O instituto da audiência de custódia, fundamental para a garantia dos direitos fundamentais da pessoa privada de liberdade, tem sido objeto de intenso debate e constante evolução no cenário jurídico brasileiro. A atuação da Defensoria Pública nesse contexto assume um papel crucial, não apenas na defesa individual, mas também na promoção de um sistema de justiça criminal mais justo e eficiente. Este artigo explora a importância da Defensoria Pública nas audiências de custódia, analisando a fundamentação legal, a jurisprudência relevante e as perspectivas futuras, com foco nas inovações legislativas e normativas até 2026.

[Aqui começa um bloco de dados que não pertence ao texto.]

(* Consider a canonical game (with $m\ge1$). (i) If the action groups satisfy $S_n\le A< B\le U(n)$, then neither player has a strong winning strategy. (ii) If the action groups satisfy $S_n\le B< A\le U(n)$, then neither player has a strong winning strategy.
   Context: Setting: a quantum system in $\mathbb{C}^n$ with computational basis $\ket{0},\dots,\ket{n-1}$, initial basis state $\ket{q_0}$, and target basis states $\ket{q_A}$ (player 1) and $\ket{q_B}$ (player 2) with $\ket{q_A}\neq\ket{q_B}$. Player 1's moves come from a subgroup $A\le U(n)$ and player 2's from a subgroup $B\le U(n)$; $A<B$ means $A$ is a proper subgroup of $B$. $S_n$ denotes the symmetric group, identified with the subgroup of $U(n)$ of $n\times n$ permutation matrices. Canonical game: $2m$ rounds; a strategy of player 1 is $\sigma_1=(A_1,\dots,A_m)$, $A_i\in A$, a strategy of player 2 is $\sigma_2=(B_1,\dots,B_m)$, $B_i\in B$, and the final state $B_mA_m\cdots B_1A_1\ket{q_0}$ is measured in the computational basis; player 1 wins on outcome $\ket{q_A}$, player 2 on outcome $\ket{q_B}$. A strategy of a player is a strong winning strategy if for every strategy of the opponent that player wins with probability $1$. *)

From HB Require Import structures.
From mathcomp Require Import all_boot all_order all_algebra all_fingroup.
From mathcomp Require Import sesquilinear spectral.
From mathcomp Require Import complex.
From mathcomp Require Import reals.
Set Implicit Arguments. Unset Strict Implicit. Unset Printing Implicit Defensive.
Import Order.TTheory GRing.Theory Num.Theory.
Local Open Scope ring_scope.

Definition subgroup_U (C : numClosedFieldType) (n : nat) (G : {pred 'M[C]_n}) : Prop :=
  [/\ forall M, M \in G -> M \is unitarymx,
      1%:M \in G,
      forall M N, M \in G -> N \in G -> M *m N \in G
    & forall M, M \in G -> invmx M \in G].

Definition contains_Sn (C : numClosedFieldType) (n : nat) (G : {pred 'M[C]_n}) : Prop :=
  forall s : 'S_n, perm_mx s \in G.

Definition proper_subgrp (T : Type) (H G : {pred T}) : Prop :=
  {subset H <= G} /\ exists x, x \in G /\ x \notin H.

Definition ket (C : numClosedFieldType) (n : nat) (q : 'I_n) : 'cV[C]_n :=
  delta_mx q ord0.

(* Final state B_m A_m ... B_1 A_1 |q0> of the canonical game with 2m rounds,
   with strategies sA = (A_1,...,A_m), sB = (B_1,...,B_m) indexed by 'I_m. *)
Definition final_state (C : numClosedFieldType) (n m : nat) (q0 : 'I_n)
  (sA sB : 'I_m -> 'M[C]_n) : 'cV[C]_n :=
  foldl (fun v i => sB i *m (sA i *m v)) (ket C q0) (enum 'I_m).

Definition prob (C : numClosedFieldType) (n : nat) (v : 'cV[C]_n) (q : 'I_n) : C :=
  `|v q ord0| ^+ 2.

Definition strong_win_1 (C : numClosedFieldType) (n m : nat) (A B : {pred 'M[C]_n})
  (q0 qA : 'I_n) : Prop :=
  exists sA : 'I_m -> 'M[C]_n, (forall i, sA i \in A) /\
    forall sB : 'I_m -> 'M[C]_n, (forall i, sB i \in B) ->
      prob (final_state q0 sA sB) qA = 1.

Definition strong_win_2 (C : numClosedFieldType) (n m : nat) (A B : {pred 'M[C]_n})
  (q0 qB : 'I_n) : Prop :=
  exists sB : 'I_m -> 'M[C]_n, (forall i, sB i \in B) /\
    forall sA : 'I_m -> 'M[C]_n, (forall i, sA i \in A) ->
      prob (final_state q0 sA sB) qB = 1.

From HB Require Import structures.
From mathcomp Require Import all_boot all_order all_algebra all_fingroup.
From mathcomp Require Import sesquilinear spectral complex reals.
Import Order.TTheory GRing.Theory Num.Theory.
Local Open Scope ring_scope.

(* In both cases (i) and (ii) the smaller group contains S_n, so
   BOTH players may play any permutation matrix, and in particular the identity.
   The final state is U |q0>, where U is the product of all moves (a unitary).
   - Player 2 moves last: whatever player 1 does, the state before the last move
     is v = K |q0> with K unitary.  Answering with the identity or with the
     transposition (qA qB) moves |v_qA|^2 resp. |v_qB|^2 into the qA outcome, so
     a strong win of player 1 would force two entries of modulus 1 in the unit
     column K(:, q0).
   - Player 1 moves first: playing the transposition (q0 k) turns |q0> into |k>,
     and then the final state is H |k> for a unitary H not depending on k.  A
     strong win of player 2 forces |H(qB, qA)| = |H(qB, qB)| = 1, two entries of
     modulus 1 in a unit row of H. *)

Section UnitaryEntries.
Variables (C : numClosedFieldType) (n : nat).

Lemma sum_one_two_ones (F : 'I_n -> C) (a b : 'I_n) :
  (forall j, 0 <= F j) -> \sum_j F j = 1 -> a != b -> F a = 1 -> F b = 1 -> False.
Proof.
move=> F_ge0 sumF ab Fa Fb.
have rest_ge0 : 0 <= \sum_(j | (j != a) && (j != b)) F j.
  by apply: sumr_ge0 => j _; apply: F_ge0.
move: sumF; rewrite (bigD1 a) //= (bigD1 b) 1?eq_sym //= Fa Fb => sumF.
have rest_eq : 1 + \sum_(j | (j != a) && (j != b)) F j = 0.
  by apply: (@addrI _ 1); rewrite addr0.
by move: (ltr_pwDl ltr01 rest_ge0); rewrite rest_eq ltxx.
Qed.

Lemma unitary_row_norm (M : 'M[C]_n) i :
  M \is unitarymx -> \sum_j `|M i j| ^+ 2 = 1.
Proof.
move=> /unitarymxP /(congr1 (fun X : 'M[C]_n => X i i)).
rewrite !mxE eqxx /= => rowii; rewrite -[RHS]rowii.
by apply: eq_bigr => j _; rewrite !mxE normCK.
Qed.

Lemma unitary_col_norm (M : 'M[C]_n) j :
  M \is unitarymx -> \sum_i `|M i j| ^+ 2 = 1.
Proof.
rewrite -trmxC_unitary => /(@unitary_row_norm _ j) <-.
by apply: eq_bigr => i _; rewrite !mxE norm_conjC.
Qed.

Lemma unitary_row_two_ones (M : 'M[C]_n) i a b :
  M \is unitarymx -> a != b ->
  `|M i a| ^+ 2 = 1 -> `|M i b| ^+ 2 = 1 -> False.
Proof.
move=> /(@unitary_row_norm _ i); apply: sum_one_two_ones => j.
exact: exprn_ge0.
Qed.

Lemma unitary_col_two_ones (M : 'M[C]_n) j a b :
  M \is unitarymx -> a != b ->
  `|M a j| ^+ 2 = 1 -> `|M b j| ^+ 2 = 1 -> False.
Proof.
move=> /(@unitary_col_norm _ j); apply: sum_one_two_ones => i.
exact: exprn_ge0.
Qed.

Lemma unitarymx1 : (1%:M : 'M[C]_n) \is unitarymx.
Proof. by apply/unitarymxP; rewrite mul1mx trmx1 map_scalar_mx /= conjC1. Qed.

Lemma mul_ket (M : 'M[C]_n) (k i : 'I_n) : (M *m ket C k) i ord0 = M i k.
Proof. by rewrite /ket -colE mxE. Qed.

Lemma perm_mx_mulE (s : 'S_n) (v : 'cV[C]_n) i :
  (perm_mx s *m v) i ord0 = v (s i) ord0.
Proof. by rewrite -row_permE mxE. Qed.

Lemma tperm_ket (q k : 'I_n) : perm_mx (tperm q k) *m ket C q = ket C k.
Proof.
apply/matrixP => i j; rewrite (ord1 j) perm_mx_mulE !mxE eqxx !andbT.
congr (_%:R); case: tpermP => [->|->|/eqP/negbTE-> /eqP/negbTE->];
  by rewrite ?eqxx // eq_sym.
Qed.

End UnitaryEntries.

Lemma foldl_map (T1 T2 R : Type) (f : R -> T2 -> R) (g : T1 -> T2) z s :
  foldl f z (map g s) = foldl (fun x y => f x (g y)) z s.
Proof. by elim: s z => //= x s IH z; rewrite IH. Qed.

Section Play.
Variables (C : numClosedFieldType) (n : nat).
Implicit Types (m : nat).

Definition play {m} (sA sB : 'I_m -> 'M[C]_n) : 'M[C]_n :=
  foldl (fun N i => sB i *m (sA i *m N)) 1%:M (enum 'I_m).

Lemma foldl_moves_mulmx m p (sA sB : 'I_m -> 'M[C]_n) (N : 'M[C]_(n, p)) s :
  foldl (fun N i => sB i *m (sA i *m N)) N s =
  foldl (fun N i => sB i *m (sA i *m N)) 1%:M s *m N.
Proof.
elim: s p N => [|i s IH] p N /=; first by rewrite mul1mx.
by rewrite IH [X in _ = X *m N]IH mulmx1 !mulmxA.
Qed.

Lemma final_stateE m q0 (sA sB : 'I_m -> 'M[C]_n) :
  final_state q0 sA sB = play sA sB *m ket C q0.
Proof. by rewrite /final_state /play foldl_moves_mulmx. Qed.

Lemma eq_play m (sA sA' sB sB' : 'I_m -> 'M[C]_n) :
  sA =1 sA' -> sB =1 sB' -> play sA sB = play sA' sB'.
Proof.
move=> eA eB; rewrite /play; elim: (enum _) 1%:M => //= i s IH N.
by rewrite eA eB IH.
Qed.

Lemma play_unitary m (sA sB : 'I_m -> 'M[C]_n) :
  (forall i, sA i \is unitarymx) -> (forall i, sB i \is unitarymx) ->
  play sA sB \is unitarymx.
Proof.
move=> uA uB; rewrite /play.
elim: (enum _) 1%:M (unitarymx1 C n) => //= i s IH N uN.
by apply: IH; rewrite !mul_unitarymx.
Qed.

Lemma playSr m (sA sB : 'I_m.+1 -> 'M[C]_n) :
  play sA sB = sB ord_max *m (sA ord_max *m
    play (sA \o widen_ord (leqnSn m)) (sB \o widen_ord (leqnSn m))).
Proof. by rewrite /play enum_ordSr foldl_rcons foldl_map. Qed.

Lemma playSl m (sA sB : 'I_m.+1 -> 'M[C]_n) :
  play sA sB = play (sA \o lift ord0) (sB \o lift ord0) *m (sB ord0 *m sA ord0).
Proof.
by rewrite /play enum_ordSl /= foldl_map foldl_moves_mulmx mulmx1.
Qed.

End Play.
Arguments play {C n m}.

Section NoStrongWin.
Variables (C : numClosedFieldType) (n m : nat).
Variables (A B : {pred 'M[C]_n}) (q0 qA qB : 'I_n).
Hypotheses (qAB : qA != qB) (groupA : subgroup_U A) (groupB : subgroup_U B).

Definition single_move (i : 'I_m.+1) (P : 'M[C]_n) (j : 'I_m.+1) : 'M[C]_n :=
  if j == i then P else 1%:M.

Lemma single_move_in {G : {pred 'M[C]_n}} {i P} :
  subgroup_U G -> P \in G -> forall j, single_move i P j \in G.
Proof. by case=> _ G1 _ _ PG j; rewrite /single_move; case: ifP. Qed.

(* Player 2 moves last: answering with the identity or with (qA qB) in the last
   round defeats any strategy of player 1. *)
Lemma no_strong_win_1 : contains_Sn B -> ~ strong_win_1 m.+1 A B q0 qA.
Proof.
case: groupA => uA _ _ _ SnB [sA [sA_A win]].
pose K := sA ord_max *m play (sA \o widen_ord (leqnSn m)) (fun _ => 1%:M).
have K_unitary : K \is unitarymx.
  apply: mul_unitarymx; first exact: uA (sA_A _).
  by apply: play_unitary => i; [exact: uA (sA_A _) | exact: unitarymx1].
have finalE P : final_state q0 sA (single_move ord_max P) = P *m (K *m ket C q0).
  rewrite final_stateE playSr /single_move eqxx !mulmxA.
  (* every round before the last one is played as the identity by player 2 *)
  congr (_ *m _ *m _ *m _); apply: eq_play => // i /=.
  by rewrite -val_eqE /= ltn_eqF.
have prob_win (s : 'S_n) : `|K (s qA) q0| ^+ 2 = 1.
  have := win (single_move ord_max _) (single_move_in groupB (SnB s)).
  by rewrite /prob finalE perm_mx_mulE mul_ket.
apply: (@unitary_col_two_ones _ _ K q0 qA qB K_unitary qAB).
  by have := prob_win 1%g; rewrite perm1.
by have := prob_win (tperm qA qB); rewrite tpermL.
Qed.

(* Player 1 moves first: playing (q0 qA) or (q0 qB) in the first round defeats
   any strategy of player 2. *)
Lemma no_strong_win_2 : contains_Sn A -> ~ strong_win_2 m.+1 A B q0 qB.
Proof.
case: groupB => uB _ _ _ SnA [sB [sB_B win]].
pose H := play (fun _ => 1%:M) (sB \o lift ord0) *m sB ord0.
have H_unitary : H \is unitarymx.
  apply: mul_unitarymx; last exact: uB (sB_B _).
  by apply: play_unitary => i; [exact: unitarymx1 | exact: uB (sB_B _)].
have finalE P : final_state q0 (single_move ord0 P) sB = H *m (P *m ket C q0).
  rewrite final_stateE playSl /single_move eqxx !mulmxA.
  (* every round after the first one is played as the identity by player 1 *)
  by congr (_ *m _ *m _ *m _); apply: eq_play => // i /=; rewrite -val_eqE.
have prob_win k : `|H qB k| ^+ 2 = 1.
  have := win (single_move ord0 _) (single_move_in groupA (SnA (tperm q0 k))).
  by rewrite /prob finalE tperm_ket mul_ket.
exact: (@unitary_row_two_ones _ _ H qB qA qB H_unitary qAB
  (prob_win qA) (prob_win qB)).
Qed.

End NoStrongWin.
Arguments no_strong_win_1 {C n m A B q0 qA qB}.
Arguments no_strong_win_2 {C n m A B q0 qA qB}.

Theorem theorem3 (R : realType) (n m : nat) (q0 qA qB : 'I_n)
  (A B : {pred 'M[R[i]]_n}) :
  (1 <= m)%N -> qA != qB ->
  subgroup_U A -> subgroup_U B ->
  (contains_Sn A /\ proper_subgrp A B ->
     ~ strong_win_1 m A B q0 qA /\ ~ strong_win_2 m A B q0 qB) /\
  (contains_Sn B /\ proper_subgrp B A ->
     ~ strong_win_1 m A B q0 qA /\ ~ strong_win_2 m A B q0 qB).
Proof.
case: m => // m _ qAB groupA groupB.
have win1 := no_strong_win_1 (m := m) (q0 := q0) qAB groupA groupB.
have win2 := no_strong_win_2 (m := m) (q0 := q0) qAB groupA groupB.
have larger_Sn (G H : {pred 'M[R[i]]_n}) :
    contains_Sn G /\ proper_subgrp G H -> contains_Sn H.
  by case=> SnG [GH _] s; apply: GH.
split=> small_big; have SnH := larger_Sn _ _ small_big; case: small_big => SnG _.
- exact: conj (win1 SnH) (win2 SnG).
- exact: conj (win1 SnG) (win2 SnH).
Qed.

O Papel da Defensoria Pública: Garantia Constitucional e Efetividade
A Defensoria Pública, como instituição permanente, essencial à função jurisdicional do Estado, tem como missão constitucional a orientação jurídica, a promoção dos direitos humanos e a defesa, em todos os graus, judicial e extrajudicial, dos direitos individuais e coletivos, de forma integral e gratuita, aos necessitados, conforme o art. 134 da Constituição Federal de 1988 (CF/88). No âmbito criminal, essa missão se traduz na defesa intransigente dos direitos dos acusados, especialmente daqueles em situação de vulnerabilidade, que constituem a grande maioria da população carcerária brasileira.
A atuação da Defensoria Pública nas audiências de custódia é, portanto, a materialização da garantia constitucional da ampla defesa e do contraditório (art. 5º, LV, CF/88), assegurando que a pessoa privada de liberdade tenha acesso imediato a um defensor qualificado, capaz de analisar a legalidade da prisão e pleitear as medidas cabíveis.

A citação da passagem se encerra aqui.